The eternal dream of almost every Data Scientist today is to spend all the time exploring new datasets, engineering new features, inventing and validating cool new algorithms and strategies. However, daily routines of a Data Scientist include raw data pre-processing, dealing with infrastructure, bringing models to production. That's where good DevOps practices and skills are essential and will certainly be beneficial for industrial Data Scientists as they can address the above-mentioned challenges in a self-service manner.
The primary mission of DevOps is to help the teams to resolve various Tech Ops infrastructure, tools and pipeline issues.
At the other hand, as mentioned in the conceptual review by Forbes in November 2016, the industrial analytics is no more going to be driven by data scientists alone. It requires an investment in DevOps skills, practices and supporting technology to move analytics out of the lab and into the business. There are even voices calling Data Scientists to concentrate on agile methodology and DevOps if they like to retain their jobs in business in the long run.

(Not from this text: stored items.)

(* Let $(M,\star)$ be a Banach algebra and $e\in M$ a right identity (i.e. $\mu\star e=\mu$ for all $\mu\in M$). Then $Z_t((e\star M)'')=Z_t(M'')\cap(e\star M)''$.
   Context: Left Arens product on $M''$: for $h\in M'$, $\mu,\nu\in M$, $\mathbf m,\mathbf n\in M''$, $\langle h\cdot\mu,\nu\rangle=\langle h,\mu\star\nu\rangle$, $\langle\mathbf n\odot h,\mu\rangle=\langle\mathbf n,h\cdot\mu\rangle$, $\langle\mathbf m\square\mathbf n,h\rangle=\langle\mathbf m,\mathbf n\odot h\rangle$. (Left) topological centre: $Z_t(M'')=\{\mathbf m\in M'':\ \mathbf n\mapsto\mathbf m\square\mathbf n\text{ is weak}^*\text{-continuous on }M''\}$. $e\star M=\{e\star\mu:\mu\in M\}$ is a closed subalgebra; its bidual $(e\star M)''$ is identified with its weak$^*$-closure in $M''$, on which the Arens product of $M''$ restricts to that of $(e\star M)''$, and $Z_t((e\star M)'')$ is the topological centre of the Banach algebra $e\star M$. *)

From HB Require Import structures.
From mathcomp Require Import all_boot all_order all_algebra.
From mathcomp Require Import all_classical all_reals all_analysis.
Set Implicit Arguments. Unset Strict Implicit. Unset Printing Implicit Defensive.
Import Order.TTheory GRing.Theory Num.Theory.
Import numFieldNormedType.Exports.
Local Open Scope classical_set_scope.
Local Open Scope ring_scope.

Section Arens.
Variables (K : numFieldType) (M : normedModType K).

Definition banach_algebra_mul (star : M -> M -> M) : Prop :=
  [/\ forall x y z, star x (star y z) = star (star x y) z,
      forall (a : K) x y z, star (a *: x + y) z = a *: star x z + star y z,
      forall (a : K) x y z, star z (a *: x + y) = a *: star z x + star z y
    & forall x y, `|star x y| <= `|x| * `|y| ].

(* A subspace A of M (here always either M itself or e*M) is used as the
   underlying Banach algebra.  A functional on A is represented by a function
   M -> K; only its values on A matter. *)

Definition is_dual (A : set M) (h : M -> K) : Prop :=
  (forall (a : K) x y, A x -> A y -> h (a *: x + y) = a * h x + h y) /\
  exists r : K, forall x, A x -> `|h x| <= r * `|x|.

Definition is_bidual (A : set M) (m : (M -> K) -> K) : Prop :=
  (forall (a : K) f g, is_dual A f -> is_dual A g ->
       m (fun x => a * f x + g x) = a * m f + m g) /\
  exists C : K, forall f (r : K), is_dual A f -> 0 <= r ->
       (forall x, A x -> `|f x| <= r * `|x|) -> `|m f| <= C * r.

(* Left Arens product:  <h.mu, nu> = <h, mu * nu>,
   <n (.) h, mu> = <n, h.mu>,  <m [] n, h> = <m, n (.) h>. *)
Definition dual_act (star : M -> M -> M) (h : M -> K) (mu : M) : M -> K :=
  fun nu => h (star mu nu).
Definition bidual_act (star : M -> M -> M) (n : (M -> K) -> K) (h : M -> K)
  : M -> K := fun mu => n (dual_act star h mu).
Definition arens (star : M -> M -> M) (m n : (M -> K) -> K) : (M -> K) -> K :=
  fun h => m (bidual_act star n h).

(* Weak*-continuity (on A'', into A'') of a map Phi : A'' -> A''; the weak*
   topology on A'' is the initial topology of the evaluations at h in A'. *)
Definition weakstar_continuous (A : set M)
    (Phi : ((M -> K) -> K) -> ((M -> K) -> K)) : Prop :=
  forall n0, is_bidual A n0 ->
  forall h, is_dual A h ->
  forall eps : K, 0 < eps ->
  exists k : nat, exists hs : 'I_k -> M -> K, exists2 delta : K, 0 < delta &
    (forall i, is_dual A (hs i)) /\
    (forall n, is_bidual A n ->
       (forall i, `|n (hs i) - n0 (hs i)| < delta) ->
       `|Phi n h - Phi n0 h| < eps).

Definition top_centre (star : M -> M -> M) (A : set M)
    (m : (M -> K) -> K) : Prop :=
  is_bidual A m /\ weakstar_continuous A (fun n => arens star m n).

Definition left_ideal_by (star : M -> M -> M) (e : M) : set M :=
  [set star e mu | mu in [set: M]].

(* (e*M)'' viewed inside M'' via the adjoint of the restriction map
   M' -> (e*M)' : m in M'' comes from m' in (e*M)'' iff m h = m' h for h in M'. *)
Definition represents (m m' : (M -> K) -> K) : Prop :=
  forall h, is_dual [set: M] h -> m h = m' h.

End Arens.

(* Write P h := h(e * .) (that is, dual_act star h e) for the restriction
   M' -> (e*M)' and P* n := n o P for its adjoint.  Associativity gives
   (h.mu).nu = h.(mu*nu), hence (n (.) h).mu = n (.) (h.mu); consequently
   P*m [] n = (m [] n) o P and, e being a right identity, P*n (.) h = n (.) h.
   Since P and P* are weak*-continuous, these identities carry the
   weak*-continuity of n |-> m [] n from e*M to M and back.  Finally an element
   of (e*M)'' only sees functionals through their values on e*M, where P h = h
   because e * e = e. *)

From HB Require Import structures.
From mathcomp Require Import all_boot all_order all_algebra.
From mathcomp Require Import all_classical all_reals all_analysis.
From mathcomp Require Import ring.
Import Order.TTheory GRing.Theory Num.Theory.
Import numFieldNormedType.Exports.
Local Open Scope classical_set_scope.
Local Open Scope ring_scope.

Set Implicit Arguments.
Unset Strict Implicit.
Unset Printing Implicit Defensive.

Section Duals.
Variables (K : numFieldType) (M : normedModType K).
Implicit Types (A B : set M) (f g h : M -> K) (m n : (M -> K) -> K).

Lemma is_dual_sub A B h : A `<=` B -> is_dual B h -> is_dual A h.
Proof.
move=> AB [hlin [r hr]]; split.
  by move=> a x y /AB Bx /AB By; exact: hlin.
by exists r => x /AB; exact: hr.
Qed.

Lemma is_bidual_sub A B n : A `<=` B -> is_bidual A n -> is_bidual B n.
Proof.
move=> AB [nlin [C nC]]; split.
  by move=> a f g /(is_dual_sub AB) Af /(is_dual_sub AB) Ag; exact: nlin.
exists C => f r /(is_dual_sub AB) Af r0 fr; apply: nC => // x /AB; exact: fr.
Qed.

Lemma is_dual_ge0_bound A h : is_dual A h ->
  exists2 r : K, 0 <= r & forall x, A x -> `|h x| <= r * `|x|.
Proof.
move=> [_ [r hr]]; exists `|r| => // x Ax.
have hx := hr x Ax; have rx_ge0 : 0 <= r * `|x| := le_trans (normr_ge0 _) hx.
by rewrite -[`|x|]normr_id -normrM ger0_norm.
Qed.

Lemma bidual_eq_on A m f g : is_bidual A m -> is_dual A f -> is_dual A g ->
  (forall x, A x -> f x = g x) -> m f = m g.
Proof.
move=> [mlin [C mC]] Af Ag fg.
have Ad : is_dual A (fun x => -1 * g x + f x).
  case: Af Ag => [flin _] [glin _]; split; last first.
    by exists 0 => x Ax; rewrite fg // mulN1r addNr normr0 mul0r.
  by move=> a x y Ax Ay; rewrite flin // glin //; ring.
have : m (fun x => -1 * g x + f x) = 0.
  apply/eqP; rewrite -normr_le0 -(mulr0 C); apply: mC => // x Ax.
  by rewrite fg // mulN1r addNr normr0 mul0r.
by rewrite mlin // mulN1r addrC => /subr0_eq.
Qed.

Lemma weakstar_continuous_adjoint A B (T S : (M -> K) -> M -> K)
    (Phi Psi : ((M -> K) -> K) -> (M -> K) -> K) :
  (forall f, is_dual A f -> is_dual B (T f)) ->
  (forall h, is_dual B h -> is_dual A (S h)) ->
  (forall n, is_bidual B n -> is_bidual A (n \o T)) ->
  (forall n h, is_bidual B n -> is_dual B h -> Psi n h = Phi (n \o T) (S h)) ->
  weakstar_continuous A Phi -> weakstar_continuous B Psi.
Proof.
move=> TBA SBA TAB PsiPhi PhiC n0 Bn0 h Bh eps eps_gt0.
have [k [hs [delta delta_gt0 [Ahs close]]]] :=
  PhiC _ (TAB _ Bn0) _ (SBA _ Bh) eps eps_gt0.
exists k, (T \o hs), delta => //; split=> [i|n Bn near_n0]; first exact: TBA.
by rewrite !PsiPhi //; apply: close => //; exact: TAB.
Qed.

End Duals.

Section ArensModule.
Variables (K : numFieldType) (M : normedModType K) (star : M -> M -> M).
Hypothesis star_ba : banach_algebra_mul star.
Implicit Types (A : set M) (mu nu : M) (f h : M -> K) (m n : (M -> K) -> K).

Lemma dual_actM h mu nu :
  dual_act star (dual_act star h mu) nu = dual_act star h (star mu nu).
Proof.
by apply: funext => x; case: star_ba => starA _ _ _; rewrite /dual_act starA.
Qed.

Lemma dual_act_bidual_act n h mu :
  dual_act star (bidual_act star n h) mu = bidual_act star n (dual_act star h mu).
Proof. by apply: funext => nu; rewrite /bidual_act dual_actM. Qed.

Lemma arens_comp_act m n h mu :
  arens star (m \o dual_act star ^~ mu) n h = arens star m n (dual_act star h mu).
Proof. by rewrite /arens /= dual_act_bidual_act. Qed.

Lemma is_dual_act A h mu : (forall x, A (star mu x)) -> is_dual A h ->
  is_dual [set: M] (dual_act star h mu).
Proof.
move=> muA Ah; case: (Ah) => hlin _; case: star_ba => _ _ starDr star_norm.
split=> [a x y _ _|]; first by rewrite /dual_act starDr hlin.
have [r r_ge0 hr] := is_dual_ge0_bound Ah.
exists (r * `|mu|) => x _; apply: (le_trans (hr _ (muA x))).
by rewrite -mulrA; apply: ler_wpM2l => //; exact: star_norm.
Qed.

Lemma is_dual_bidual_act n h : is_bidual [set: M] n -> is_dual [set: M] h ->
  is_dual [set: M] (bidual_act star n h).
Proof.
move=> [nlin [C nC]] Mh; have [hlin _] := Mh.
have Mact mu : is_dual [set: M] (dual_act star h mu).
  exact: is_dual_act (fun _ => I) Mh.
split=> [a x y _ _|].
  rewrite /bidual_act; have -> : dual_act star h (a *: x + y) =
      (fun nu => a * dual_act star h x nu + dual_act star h y nu).
    apply: funext => nu; case: star_ba => _ starDl _ _.
    by rewrite /dual_act starDl hlin.
  exact: nlin.
have [r r_ge0 hr] := is_dual_ge0_bound Mh.
exists (C * r) => mu _; rewrite /bidual_act -mulrA; apply: nC => //.
  exact: mulr_ge0.
move=> x _; apply: (le_trans (hr _ I)); rewrite -mulrA.
by apply: ler_wpM2l => //; case: star_ba.
Qed.

Lemma is_bidual_comp_act A n mu : (forall x, A (star mu x)) ->
  is_bidual [set: M] n -> is_bidual A (n \o dual_act star ^~ mu).
Proof.
move=> muA [nlin [C nC]]; split=> [a f g Af Ag|].
  exact: nlin (is_dual_act muA Af) (is_dual_act muA Ag).
exists (C * `|mu|) => f r Af r_ge0 fr /=.
rewrite mulrAC -mulrA.
apply: nC; [exact: is_dual_act muA Af | exact: mulr_ge0 |].
move=> x _; apply: (le_trans (fr _ (muA x))); rewrite -mulrA.
by apply: ler_wpM2l => //; case: star_ba.
Qed.

Section RightIdentity.
Variable e : M.
Hypothesis star1r : forall mu, star mu e = mu.

Local Notation eM := (left_ideal_by star e).

Lemma left_ideal_byP x : eM (star e x).
Proof. by exists x. Qed.

Lemma bidual_act_comp_act n h :
  bidual_act star (n \o dual_act star ^~ e) h = bidual_act star n h.
Proof. by apply: funext => mu; rewrite /bidual_act /= dual_actM star1r. Qed.

Lemma top_centre_of_left_ideal m m' : is_bidual [set: M] m ->
  top_centre star eM m' -> represents m m' -> top_centre star [set: M] m.
Proof.
move=> Mm [_ m'C] mm'; split=> //.
apply: (weakstar_continuous_adjoint (T := dual_act star ^~ e) (S := id)) m'C.
- by move=> f; apply: is_dual_act left_ideal_byP.
- by move=> h; apply: is_dual_sub.
- by move=> n; apply: is_bidual_comp_act left_ideal_byP.
move=> n h Mn Mh; rewrite /arens bidual_act_comp_act mm' //.
exact: is_dual_bidual_act.
Qed.

Lemma left_ideal_of_top_centre m m' : top_centre star [set: M] m ->
  is_bidual eM m' -> represents m m' ->
  top_centre star eM (m \o dual_act star ^~ e) /\
  represents m (m \o dual_act star ^~ e).
Proof.
move=> [Mm mC] eMm' mm'.
have eMdual h : is_dual [set: M] h -> is_dual eM h by apply: is_dual_sub.
have Mact h : is_dual eM h -> is_dual [set: M] (dual_act star h e).
  by apply: is_dual_act left_ideal_byP.
split; first split.
- exact: is_bidual_comp_act left_ideal_byP Mm.
- apply: (weakstar_continuous_adjoint (T := id) (S := dual_act star ^~ e)) mC.
  + exact: eMdual.
  + exact: Mact.
  + by move=> n; apply: is_bidual_sub.
  by move=> n h _ _; rewrite arens_comp_act.
move=> h Mh /=; rewrite mm' // mm'; last exact/Mact/eMdual.
apply: bidual_eq_on eMm' (eMdual _ Mh) (eMdual _ (Mact _ (eMdual _ Mh))) _.
have starA x y z : star x (star y z) = star (star x y) z by case: star_ba.
by move=> _ [x _ <-]; rewrite /dual_act starA star1r.
Qed.

End RightIdentity.
End ArensModule.

Theorem proposition5 (K : numFieldType) (M : completeNormedModType K)
    (star : M -> M -> M) (e : M) :
  banach_algebra_mul star ->
  (forall mu, star mu e = mu) ->
  forall m : (M -> K) -> K, is_bidual [set: M] m ->
    ((exists m', top_centre star (left_ideal_by star e) m' /\ represents m m')
     <->
     (top_centre star [set: M] m /\
      exists m', is_bidual (left_ideal_by star e) m' /\ represents m m')).
Proof.
move=> star_ba star1r m Mm; split.
  move=> [m' [eMm' mm']]; split; first exact: top_centre_of_left_ideal eMm' mm'.
  by exists m'; case: eMm'.
move=> [Zm [m' [eMm' mm']]]; exists (m \o dual_act star ^~ e).
exact: left_ideal_of_top_centre Zm eMm' mm'.
Qed.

The eternal dream of almost every Data Scientist today is to spend all (well, almost all) the time in the office exploring new datasets, engineering decisive new features, inventing and validating cool new algorithms and strategies. However, reality is often different. One of the unfortunate daily routines of a Data Scientist work is to do raw data pre-processing. It usually translates to the challenges to
Pull all kinds of necessary data from a variety of sources
Extract, transform, and load the data
Facilitate continuous machine learning and decision-making in a business-ready framework
Another big challenge is to organize collaboration and data/model sharing inside and across the boundaries of teams of Data Scientists and Software Engineers.

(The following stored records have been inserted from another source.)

(* Let $n\ge 2$, let $k_1,\dots,k_n$ be positive integers with $\sum_{i=1}^n\frac1{k_i}=1$, $k=\operatorname{lcm}(k_1,\dots,k_n)$, $w_i=k/k_i$, and $P(x_1,\dots,x_{n-1})=\sum_{i=1}^{n-1}x_i^{k_i}+1$. Fix $\epsilon_1,\dots,\epsilon_{n-1}>0$ and let $C_\epsilon=\{|x_1|=\epsilon_1,\dots,|x_{n-1}|=\epsilon_{n-1}\}$. Let $\psi\in\mathbb{C}$ with $\xi=\psi^{-1}$ satisfying $|\xi|\cdot\sup_{C_\epsilon}\big|\frac{P}{k x_1\cdots x_{n-1}}\big|<1$, and set $$\tilde M=\exp\Big(-\frac{1}{(2\pi i)^{n-1}}\oint_{C_\epsilon}\Big[\log\psi+\log\Big(1-\xi\frac{P(x_1,\dots,x_{n-1})}{k x_1\cdots x_{n-1}}\Big)\Big]\frac{dx_1}{x_1}\cdots\frac{dx_{n-1}}{x_{n-1}}\Big),$$ with the principal branch for the second logarithm. Then $$\tilde M=\xi\exp\Big(\sum_{m\ge1}c_m\frac{\xi^m}{mk^m}\Big),\qquad c_m=\begin{cases}\dfrac{m!}{\prod_{i=1}^n (m/k_i)!},& k\mid m,\\[2mm] 0,&\text{otherwise},\end{cases}$$ where $c_m$ is the coefficient of $x_1^m\cdots x_{n-1}^m$ in $P^m$. Consequently, with $z=\xi^k/k^k$, one has $\tilde M^k/k^k=z\exp\big(\sum_{m\ge1}\frac{(km)!}{\prod_{i=1}^n(w_im)!}\frac{z^m}{m}\big)$, which is independent of $\epsilon_1,\dots,\epsilon_{n-1}$.
   Context: The value of $\exp(-\log\psi)=\psi^{-1}$ does not depend on the branch chosen for $\log\psi$. *)

From Stdlib Require Import Reals Lra List Arith.
Open Scope R_scope.

Definition CC : Type := (R * R)%type.
Definition RtoC (r : R) : CC := (r, 0).
Definition Czero : CC := (0, 0).
Definition Cone : CC := (1, 0).
Definition Cadd (z w : CC) : CC := (fst z + fst w, snd z + snd w).
Definition Copp (z : CC) : CC := (- fst z, - snd z).
Definition Csub (z w : CC) : CC := Cadd z (Copp w).
Definition Cmul (z w : CC) : CC :=
  (fst z * fst w - snd z * snd w, fst z * snd w + snd z * fst w).
Definition Cinv (z : CC) : CC :=
  (fst z / (fst z * fst z + snd z * snd z),
   - snd z / (fst z * fst z + snd z * snd z)).
Definition Cdiv (z w : CC) : CC := Cmul z (Cinv w).
Fixpoint Cpow (z : CC) (m : nat) : CC :=
  match m with O => Cone | S m' => Cmul z (Cpow z m') end.
Definition Cnorm (z : CC) : R := sqrt (fst z * fst z + snd z * snd z).
Definition Cexp (z : CC) : CC := (exp (fst z) * cos (snd z), exp (fst z) * sin (snd z)).
(** principal argument, in (-PI, PI] *)
Definition Arg (z : CC) : R :=
  let x := fst z in let y := snd z in
  if Rlt_dec 0 x then atan (y / x)
  else if Rlt_dec x 0 then
    (if Rle_dec 0 y then atan (y / x) + PI else atan (y / x) - PI)
  else if Rlt_dec 0 y then PI / 2
  else if Rlt_dec y 0 then - (PI / 2) else 0.
Definition CLog (z : CC) : CC := (ln (Cnorm z), Arg z).

Definition Csum (l : list CC) : CC := fold_right Cadd Czero l.
Definition Cprod (l : list CC) : CC := fold_right Cmul Cone l.

Definition Ccv (u : nat -> CC) (l : CC) : Prop :=
  forall e : R, 0 < e -> exists N0 : nat, forall N : nat, (N0 <= N)%nat ->
    Cnorm (Csub (u N) l) < e.

Definition Cseries1 (a : nat -> CC) (S : CC) : Prop :=
  Ccv (fun N => Csum (map a (seq 1 N))) S.

(** Sum of F over all a : nat -> nat with a j < N for j < d
    (the values a j for j >= d are 0). *)
Fixpoint gridsum (d N : nat) (F : (nat -> nat) -> CC) : CC :=
  match d with
  | O => F (fun _ => O)
  | S d' => Csum (map (fun a =>
              gridsum d' N (fun b => F (fun j => if Nat.eqb j d' then a else b j)))
              (seq 0 N))
  end.

Definition torus_pt (eps : nat -> R) (N : nat) (a : nat -> nat) : nat -> CC :=
  fun j => Cmul (RtoC (eps j)) (Cexp (0, 2 * PI * INR (a j) / INR N)).

(** Uniform-grid Riemann sum (with N^d cells) of
    (1/(2 pi i)^d) \oint_{C_eps} g(x) dx_1/x_1 ... dx_d/x_d
    = (1/(2 pi)^d) \int_{[0,2pi]^d} g(eps e^{i theta}) dtheta. *)
Definition torus_riemann_sum (d : nat) (eps : nat -> R) (g : (nat -> CC) -> CC) (N : nat) : CC :=
  Cmul (RtoC (/ (INR N ^ d))) (gridsum d N (fun a => g (torus_pt eps N a))).

(** The normalized contour integral (1/(2 pi i)^d) \oint_{C_eps} g dx/x equals I:
    I is the limit of the Riemann sums. *)
Definition torus_integral_is (d : nat) (eps : nat -> R) (g : (nat -> CC) -> CC) (I : CC) : Prop :=
  Ccv (torus_riemann_sum d eps g) I.

(** * The data of the theorem (indices shifted to start at 0:
      k_1..k_n  ~  k 0 .. k (n-1);  x_1..x_{n-1} ~ x 0 .. x (n-2)). *)

Definition lcmk (n : nat) (k : nat -> nat) : nat :=
  fold_right Nat.lcm 1%nat (map k (seq 0 n)).

Definition Ppoly (n : nat) (k : nat -> nat) (x : nat -> CC) : CC :=
  Cadd (Csum (map (fun j => Cpow (x j) (k j)) (seq 0 (n - 1)))) Cone.

Definition Pratio (n : nat) (k : nat -> nat) (x : nat -> CC) : CC :=
  Cdiv (Ppoly n k x)
       (Cmul (RtoC (INR (lcmk n k))) (Cprod (map x (seq 0 (n - 1))))).

Definition cm (n : nat) (k : nat -> nat) (m : nat) : R :=
  if Nat.eqb (m mod (lcmk n k)) 0
  then INR (fact m) / fold_right Rmult 1 (map (fun i => INR (fact (m / k i))) (seq 0 n))
  else 0.

Definition wt (n : nat) (k : nat -> nat) (i : nat) : nat := (lcmk n k / k i)%nat.

Definition dm (n : nat) (k : nat -> nat) (m : nat) : R :=
  INR (fact (lcmk n k * m)) /
  fold_right Rmult 1 (map (fun i => INR (fact (wt n k i * m))) (seq 0 n)).

(* With u := P / (k x_1 ... x_(n-1)) we have |xi u| <= q < 1 on the torus, so
   log (1 - xi u) = - sum_m (xi u)^m / m with a geometric tail bound, and the normalised integral
   of L + log (1 - xi u) is L - sum_m xi^m [x^0](u^m) / m.  The constant term of u^m is c_m / k^m:
   in (1 + sum_j x_j^(k_j))^m the monomial x_1^m ... x_(n-1)^m needs k_j | m for j < n - 1, and
   then sum_i 1/k_i = 1 forces k_n | m as well, with multinomial coefficient m! / prod_i (m/k_i)!.
   The torus integral is a limit of Riemann sums over N-th roots of unity, and such a sum integrates
   every Laurent monomial of degree < N exactly; so the term-wise integrals are computed on the grid
   and only the tail of the logarithmic series has to be estimated.  Since exp (- L) = xi for every
   branch L, exponentiating gives xi exp S, and only the terms m = k j of S are nonzero. *)

From Stdlib Require Import Reals List Arith Lra Lia.
From Coquelicot Require Import Hierarchy Derive AutoDerive.
From Coquelicot Require Complex.
Open Scope R_scope.
Import ListNotations.

Lemma CC_ring_theory : ring_theory Czero Cone Cadd Cmul Csub Copp (@eq CC).
Proof.
  constructor; intros; repeat match goal with z : CC |- _ => destruct z end;
  unfold Csub, Cadd, Cmul, Copp, Czero, Cone; simpl; f_equal; ring.
Qed.

Lemma Cpow_add z a b : Cpow z (a + b) = Cmul (Cpow z a) (Cpow z b).
Proof.
  induction a as [|a IH]; simpl.
  - destruct (Cpow z b); unfold Cmul, Cone; simpl; f_equal; ring.
  - rewrite IH. apply (Rmul_assoc CC_ring_theory).
Qed.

DevOps skills as well as effective instruments will certainly be beneficial for industrial Data Scientists as they can address the above-mentioned challenges in a self-service manner.
Data Version Control or simply DVC comes to the scene whenever you start looking for effective DevOps-for-Analytics instruments.
DVC is an open source tool for data science projects. It makes your data science projects reproducible by automatically building data dependency graph (DAG). Your code and the dependencies could be easily shared by Git, and data — through cloud storage (AWS S3, GCP) in a single DVC environment.
Although DVC was created for machine learning developers and data scientists originally, it appeared to be useful beyond it. Since it brings proven engineering practices to not well defined ML process, I discovered it to have enormous potential as an Analytical DevOps instrument.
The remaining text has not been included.